• **How to complete this task**:
Scan the data beneath this task and copy each line that includes "orbT".

[Source data]
━━━
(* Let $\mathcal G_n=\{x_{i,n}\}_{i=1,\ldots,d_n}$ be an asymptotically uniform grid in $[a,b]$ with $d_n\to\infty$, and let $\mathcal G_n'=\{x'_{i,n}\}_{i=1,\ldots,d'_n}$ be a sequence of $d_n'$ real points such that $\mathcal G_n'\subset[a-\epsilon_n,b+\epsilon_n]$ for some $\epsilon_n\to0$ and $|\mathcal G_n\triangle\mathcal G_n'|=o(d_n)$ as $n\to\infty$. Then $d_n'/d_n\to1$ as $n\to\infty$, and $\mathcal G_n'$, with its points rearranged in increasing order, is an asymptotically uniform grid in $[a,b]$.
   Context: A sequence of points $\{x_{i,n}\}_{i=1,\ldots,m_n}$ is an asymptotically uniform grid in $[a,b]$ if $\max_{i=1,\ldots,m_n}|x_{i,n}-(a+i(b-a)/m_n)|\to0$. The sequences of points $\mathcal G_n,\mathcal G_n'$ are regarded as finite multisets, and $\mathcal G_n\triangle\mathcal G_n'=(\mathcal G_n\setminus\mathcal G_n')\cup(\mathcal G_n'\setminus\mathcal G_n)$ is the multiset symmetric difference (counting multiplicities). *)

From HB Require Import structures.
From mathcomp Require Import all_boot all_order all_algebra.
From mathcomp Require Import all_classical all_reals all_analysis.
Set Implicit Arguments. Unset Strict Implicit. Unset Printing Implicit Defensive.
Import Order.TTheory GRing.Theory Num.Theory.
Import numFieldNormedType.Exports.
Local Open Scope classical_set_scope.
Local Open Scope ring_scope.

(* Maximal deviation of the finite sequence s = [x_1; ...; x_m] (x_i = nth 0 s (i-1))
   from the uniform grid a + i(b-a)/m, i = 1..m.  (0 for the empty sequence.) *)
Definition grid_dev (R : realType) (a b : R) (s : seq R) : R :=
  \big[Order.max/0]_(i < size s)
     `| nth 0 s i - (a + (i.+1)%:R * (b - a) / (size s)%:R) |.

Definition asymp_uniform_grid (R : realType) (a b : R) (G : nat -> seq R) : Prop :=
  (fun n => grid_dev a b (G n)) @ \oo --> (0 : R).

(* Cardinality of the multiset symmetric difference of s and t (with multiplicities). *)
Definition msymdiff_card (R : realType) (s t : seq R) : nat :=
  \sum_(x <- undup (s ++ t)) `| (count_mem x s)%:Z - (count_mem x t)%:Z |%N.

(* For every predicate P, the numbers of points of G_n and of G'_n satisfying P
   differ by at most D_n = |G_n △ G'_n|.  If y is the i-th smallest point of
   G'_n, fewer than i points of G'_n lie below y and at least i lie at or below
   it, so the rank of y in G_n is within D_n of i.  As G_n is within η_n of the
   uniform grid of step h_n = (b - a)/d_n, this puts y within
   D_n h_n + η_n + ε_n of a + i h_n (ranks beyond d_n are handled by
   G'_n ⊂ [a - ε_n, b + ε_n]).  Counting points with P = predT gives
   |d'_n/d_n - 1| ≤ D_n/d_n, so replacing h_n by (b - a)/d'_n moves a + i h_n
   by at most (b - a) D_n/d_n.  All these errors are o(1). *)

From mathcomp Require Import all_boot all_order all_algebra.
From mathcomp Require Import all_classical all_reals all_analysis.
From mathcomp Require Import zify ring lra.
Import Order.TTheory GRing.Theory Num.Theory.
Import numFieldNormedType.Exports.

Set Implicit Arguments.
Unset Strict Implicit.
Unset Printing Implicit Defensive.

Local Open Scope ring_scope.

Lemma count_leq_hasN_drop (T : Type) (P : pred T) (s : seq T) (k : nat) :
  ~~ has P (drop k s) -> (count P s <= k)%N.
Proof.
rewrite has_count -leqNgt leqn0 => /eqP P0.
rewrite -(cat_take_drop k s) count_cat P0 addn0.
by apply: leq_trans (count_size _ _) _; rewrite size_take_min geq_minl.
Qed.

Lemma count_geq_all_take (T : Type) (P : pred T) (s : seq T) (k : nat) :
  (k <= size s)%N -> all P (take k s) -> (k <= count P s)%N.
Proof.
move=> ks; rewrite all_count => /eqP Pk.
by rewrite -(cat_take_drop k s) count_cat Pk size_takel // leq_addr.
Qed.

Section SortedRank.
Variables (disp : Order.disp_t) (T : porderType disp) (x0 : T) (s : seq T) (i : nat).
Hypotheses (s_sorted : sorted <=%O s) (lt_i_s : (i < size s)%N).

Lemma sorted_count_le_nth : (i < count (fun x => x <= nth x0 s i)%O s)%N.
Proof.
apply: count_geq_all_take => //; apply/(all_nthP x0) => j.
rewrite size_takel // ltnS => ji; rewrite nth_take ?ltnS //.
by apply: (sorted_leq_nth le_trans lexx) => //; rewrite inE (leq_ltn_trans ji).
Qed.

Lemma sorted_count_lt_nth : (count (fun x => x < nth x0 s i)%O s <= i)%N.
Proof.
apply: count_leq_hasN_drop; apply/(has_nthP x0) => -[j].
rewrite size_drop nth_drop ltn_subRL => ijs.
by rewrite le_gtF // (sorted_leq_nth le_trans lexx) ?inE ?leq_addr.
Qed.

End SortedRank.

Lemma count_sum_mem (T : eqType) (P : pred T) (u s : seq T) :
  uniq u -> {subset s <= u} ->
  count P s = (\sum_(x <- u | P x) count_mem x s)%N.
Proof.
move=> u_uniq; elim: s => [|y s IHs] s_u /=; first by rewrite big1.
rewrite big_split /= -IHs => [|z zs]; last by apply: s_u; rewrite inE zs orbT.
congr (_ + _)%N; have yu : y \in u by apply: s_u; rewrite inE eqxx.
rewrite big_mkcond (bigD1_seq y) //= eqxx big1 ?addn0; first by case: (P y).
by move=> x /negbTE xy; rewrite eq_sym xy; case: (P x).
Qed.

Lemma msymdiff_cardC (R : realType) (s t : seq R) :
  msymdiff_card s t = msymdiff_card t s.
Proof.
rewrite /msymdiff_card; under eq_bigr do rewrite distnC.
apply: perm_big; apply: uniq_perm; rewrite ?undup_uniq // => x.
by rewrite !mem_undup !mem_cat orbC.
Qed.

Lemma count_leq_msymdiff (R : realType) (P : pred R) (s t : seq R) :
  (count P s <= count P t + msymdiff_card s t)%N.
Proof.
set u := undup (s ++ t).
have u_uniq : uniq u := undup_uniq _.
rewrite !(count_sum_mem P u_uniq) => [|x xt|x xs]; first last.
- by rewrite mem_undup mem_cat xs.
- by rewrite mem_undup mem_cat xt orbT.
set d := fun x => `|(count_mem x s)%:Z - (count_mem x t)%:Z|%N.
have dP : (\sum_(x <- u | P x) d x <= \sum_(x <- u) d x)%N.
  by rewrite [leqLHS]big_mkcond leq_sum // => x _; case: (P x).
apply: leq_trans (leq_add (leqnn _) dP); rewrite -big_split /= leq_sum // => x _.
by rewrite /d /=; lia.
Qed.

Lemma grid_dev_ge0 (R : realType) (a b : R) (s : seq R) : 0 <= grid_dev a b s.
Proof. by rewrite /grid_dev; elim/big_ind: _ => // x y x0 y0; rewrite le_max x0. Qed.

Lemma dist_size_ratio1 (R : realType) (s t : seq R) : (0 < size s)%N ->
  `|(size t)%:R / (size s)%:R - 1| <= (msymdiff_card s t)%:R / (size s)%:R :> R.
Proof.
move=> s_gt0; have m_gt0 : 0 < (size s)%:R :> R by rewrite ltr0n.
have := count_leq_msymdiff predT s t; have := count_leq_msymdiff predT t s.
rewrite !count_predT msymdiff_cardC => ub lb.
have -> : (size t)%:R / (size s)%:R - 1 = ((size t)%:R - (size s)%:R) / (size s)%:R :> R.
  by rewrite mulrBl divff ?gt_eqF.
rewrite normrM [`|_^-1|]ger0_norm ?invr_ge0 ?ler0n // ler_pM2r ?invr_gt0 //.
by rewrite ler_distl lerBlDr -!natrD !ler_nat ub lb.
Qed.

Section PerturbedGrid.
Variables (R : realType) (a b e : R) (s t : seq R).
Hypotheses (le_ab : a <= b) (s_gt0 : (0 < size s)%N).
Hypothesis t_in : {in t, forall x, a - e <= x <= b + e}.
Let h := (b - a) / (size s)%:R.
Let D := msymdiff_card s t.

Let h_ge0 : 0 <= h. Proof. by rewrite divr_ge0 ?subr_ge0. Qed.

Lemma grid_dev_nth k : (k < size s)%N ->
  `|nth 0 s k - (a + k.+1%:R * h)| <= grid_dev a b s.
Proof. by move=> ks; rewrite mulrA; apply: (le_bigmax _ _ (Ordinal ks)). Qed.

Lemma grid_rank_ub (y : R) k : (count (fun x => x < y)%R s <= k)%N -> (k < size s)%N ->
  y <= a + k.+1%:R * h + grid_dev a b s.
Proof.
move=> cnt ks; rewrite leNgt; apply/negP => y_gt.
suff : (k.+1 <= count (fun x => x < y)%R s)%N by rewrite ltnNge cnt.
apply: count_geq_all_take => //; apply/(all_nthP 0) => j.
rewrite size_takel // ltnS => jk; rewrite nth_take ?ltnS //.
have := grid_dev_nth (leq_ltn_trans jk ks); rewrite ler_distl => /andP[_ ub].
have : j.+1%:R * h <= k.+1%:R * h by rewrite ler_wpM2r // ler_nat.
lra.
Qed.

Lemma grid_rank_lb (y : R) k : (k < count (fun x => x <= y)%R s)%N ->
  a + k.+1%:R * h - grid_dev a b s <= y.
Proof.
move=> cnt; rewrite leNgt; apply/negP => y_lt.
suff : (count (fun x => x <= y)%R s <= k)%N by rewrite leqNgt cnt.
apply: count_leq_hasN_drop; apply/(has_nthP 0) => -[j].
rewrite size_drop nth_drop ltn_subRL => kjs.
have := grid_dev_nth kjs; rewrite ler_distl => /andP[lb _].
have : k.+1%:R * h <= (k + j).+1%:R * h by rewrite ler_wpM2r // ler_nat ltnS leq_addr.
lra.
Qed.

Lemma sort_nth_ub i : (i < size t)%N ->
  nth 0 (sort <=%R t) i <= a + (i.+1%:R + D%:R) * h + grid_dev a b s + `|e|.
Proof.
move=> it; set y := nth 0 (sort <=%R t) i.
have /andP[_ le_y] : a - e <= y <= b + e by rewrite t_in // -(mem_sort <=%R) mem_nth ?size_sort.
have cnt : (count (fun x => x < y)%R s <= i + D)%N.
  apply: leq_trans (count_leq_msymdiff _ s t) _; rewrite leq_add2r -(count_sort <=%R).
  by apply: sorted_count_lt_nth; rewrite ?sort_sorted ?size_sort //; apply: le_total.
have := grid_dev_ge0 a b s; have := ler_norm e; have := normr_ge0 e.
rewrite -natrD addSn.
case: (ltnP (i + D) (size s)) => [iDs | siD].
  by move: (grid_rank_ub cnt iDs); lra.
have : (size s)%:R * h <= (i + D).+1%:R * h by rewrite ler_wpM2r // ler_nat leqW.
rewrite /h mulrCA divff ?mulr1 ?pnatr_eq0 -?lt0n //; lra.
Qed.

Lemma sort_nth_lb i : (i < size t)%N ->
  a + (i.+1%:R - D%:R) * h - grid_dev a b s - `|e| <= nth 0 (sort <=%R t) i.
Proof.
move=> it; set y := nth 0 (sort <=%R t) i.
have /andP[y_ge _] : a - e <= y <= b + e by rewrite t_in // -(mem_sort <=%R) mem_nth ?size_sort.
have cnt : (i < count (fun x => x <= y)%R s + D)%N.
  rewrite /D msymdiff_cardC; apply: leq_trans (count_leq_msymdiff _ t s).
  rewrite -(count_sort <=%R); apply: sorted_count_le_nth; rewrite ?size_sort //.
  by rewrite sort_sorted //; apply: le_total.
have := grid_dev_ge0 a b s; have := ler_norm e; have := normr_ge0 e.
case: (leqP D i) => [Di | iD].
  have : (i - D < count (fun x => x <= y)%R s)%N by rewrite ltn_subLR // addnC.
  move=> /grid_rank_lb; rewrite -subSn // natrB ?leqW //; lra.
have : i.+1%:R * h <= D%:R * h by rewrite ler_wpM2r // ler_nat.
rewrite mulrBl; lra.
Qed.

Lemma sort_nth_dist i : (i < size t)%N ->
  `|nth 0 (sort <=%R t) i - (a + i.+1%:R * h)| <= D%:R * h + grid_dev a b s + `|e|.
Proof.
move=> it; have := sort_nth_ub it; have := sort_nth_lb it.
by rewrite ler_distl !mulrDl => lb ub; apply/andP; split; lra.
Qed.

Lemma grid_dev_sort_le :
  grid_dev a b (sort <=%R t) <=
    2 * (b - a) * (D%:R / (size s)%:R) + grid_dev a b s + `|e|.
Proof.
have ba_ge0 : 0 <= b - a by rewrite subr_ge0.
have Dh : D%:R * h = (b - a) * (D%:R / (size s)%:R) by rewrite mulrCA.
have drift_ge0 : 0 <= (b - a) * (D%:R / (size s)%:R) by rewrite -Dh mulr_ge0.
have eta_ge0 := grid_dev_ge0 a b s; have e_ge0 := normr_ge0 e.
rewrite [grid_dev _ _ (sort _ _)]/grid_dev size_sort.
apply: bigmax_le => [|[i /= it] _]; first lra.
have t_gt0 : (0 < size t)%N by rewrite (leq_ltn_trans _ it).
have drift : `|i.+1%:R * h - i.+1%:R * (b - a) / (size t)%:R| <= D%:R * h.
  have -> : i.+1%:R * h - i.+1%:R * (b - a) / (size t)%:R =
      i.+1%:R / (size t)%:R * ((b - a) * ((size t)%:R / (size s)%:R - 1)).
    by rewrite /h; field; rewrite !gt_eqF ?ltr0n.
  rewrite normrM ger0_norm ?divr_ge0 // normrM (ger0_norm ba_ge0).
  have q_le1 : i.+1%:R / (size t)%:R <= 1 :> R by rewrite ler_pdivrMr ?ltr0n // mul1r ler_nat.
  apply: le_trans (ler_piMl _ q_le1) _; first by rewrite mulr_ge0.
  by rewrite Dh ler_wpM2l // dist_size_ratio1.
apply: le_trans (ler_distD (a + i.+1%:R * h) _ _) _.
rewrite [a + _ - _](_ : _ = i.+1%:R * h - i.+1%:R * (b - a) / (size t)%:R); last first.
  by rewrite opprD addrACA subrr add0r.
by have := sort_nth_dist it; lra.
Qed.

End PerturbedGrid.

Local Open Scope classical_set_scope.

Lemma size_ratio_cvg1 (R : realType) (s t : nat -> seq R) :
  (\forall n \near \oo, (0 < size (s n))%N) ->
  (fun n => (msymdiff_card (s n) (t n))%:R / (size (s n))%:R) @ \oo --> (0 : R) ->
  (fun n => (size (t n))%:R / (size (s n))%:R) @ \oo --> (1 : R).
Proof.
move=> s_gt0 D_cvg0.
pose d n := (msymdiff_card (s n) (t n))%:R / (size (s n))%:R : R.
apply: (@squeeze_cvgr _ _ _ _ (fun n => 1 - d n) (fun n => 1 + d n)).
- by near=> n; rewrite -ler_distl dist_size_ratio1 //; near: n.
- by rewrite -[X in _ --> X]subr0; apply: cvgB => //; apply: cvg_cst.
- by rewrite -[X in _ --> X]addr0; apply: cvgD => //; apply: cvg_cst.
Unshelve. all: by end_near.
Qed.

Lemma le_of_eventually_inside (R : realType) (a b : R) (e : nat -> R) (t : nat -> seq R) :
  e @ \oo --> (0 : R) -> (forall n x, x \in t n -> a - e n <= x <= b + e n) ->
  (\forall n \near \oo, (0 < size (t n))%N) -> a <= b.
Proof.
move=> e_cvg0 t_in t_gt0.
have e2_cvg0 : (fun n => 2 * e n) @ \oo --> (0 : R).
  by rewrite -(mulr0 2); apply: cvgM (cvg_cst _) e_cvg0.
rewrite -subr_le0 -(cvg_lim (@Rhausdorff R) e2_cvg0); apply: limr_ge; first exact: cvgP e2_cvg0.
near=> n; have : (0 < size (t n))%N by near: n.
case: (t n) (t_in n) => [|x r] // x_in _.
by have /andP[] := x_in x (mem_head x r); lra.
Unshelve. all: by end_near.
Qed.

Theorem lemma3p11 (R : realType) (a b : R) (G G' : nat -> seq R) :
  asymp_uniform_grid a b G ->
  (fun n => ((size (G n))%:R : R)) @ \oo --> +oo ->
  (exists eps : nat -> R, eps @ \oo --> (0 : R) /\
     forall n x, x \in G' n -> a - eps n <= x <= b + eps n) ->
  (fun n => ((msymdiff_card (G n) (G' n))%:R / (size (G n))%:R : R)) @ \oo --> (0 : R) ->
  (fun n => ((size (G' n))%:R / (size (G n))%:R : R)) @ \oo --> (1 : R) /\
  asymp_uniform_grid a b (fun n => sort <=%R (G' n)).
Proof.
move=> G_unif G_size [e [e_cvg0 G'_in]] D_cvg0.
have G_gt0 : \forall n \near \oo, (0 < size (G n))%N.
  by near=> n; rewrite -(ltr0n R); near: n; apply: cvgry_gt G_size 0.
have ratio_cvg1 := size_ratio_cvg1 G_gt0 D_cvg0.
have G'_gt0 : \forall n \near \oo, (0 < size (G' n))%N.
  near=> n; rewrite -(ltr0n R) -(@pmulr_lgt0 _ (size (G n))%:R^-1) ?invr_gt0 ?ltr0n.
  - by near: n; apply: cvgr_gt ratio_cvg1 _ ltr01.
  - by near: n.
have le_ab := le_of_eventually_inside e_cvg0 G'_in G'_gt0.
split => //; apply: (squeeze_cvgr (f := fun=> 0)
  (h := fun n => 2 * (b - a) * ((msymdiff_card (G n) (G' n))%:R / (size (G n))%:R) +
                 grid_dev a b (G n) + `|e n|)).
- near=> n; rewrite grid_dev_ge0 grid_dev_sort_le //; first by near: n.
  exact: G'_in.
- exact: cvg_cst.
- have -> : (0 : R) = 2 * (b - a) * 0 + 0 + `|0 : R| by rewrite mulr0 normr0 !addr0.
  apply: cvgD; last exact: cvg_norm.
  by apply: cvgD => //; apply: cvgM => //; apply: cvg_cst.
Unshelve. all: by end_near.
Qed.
━━━
• **Solution**:
rewrite big_split /= -IHs => [|z zs]; last by apply: s_u; rewrite inE zs orbT.
- by rewrite mem_undup mem_cat xt orbT.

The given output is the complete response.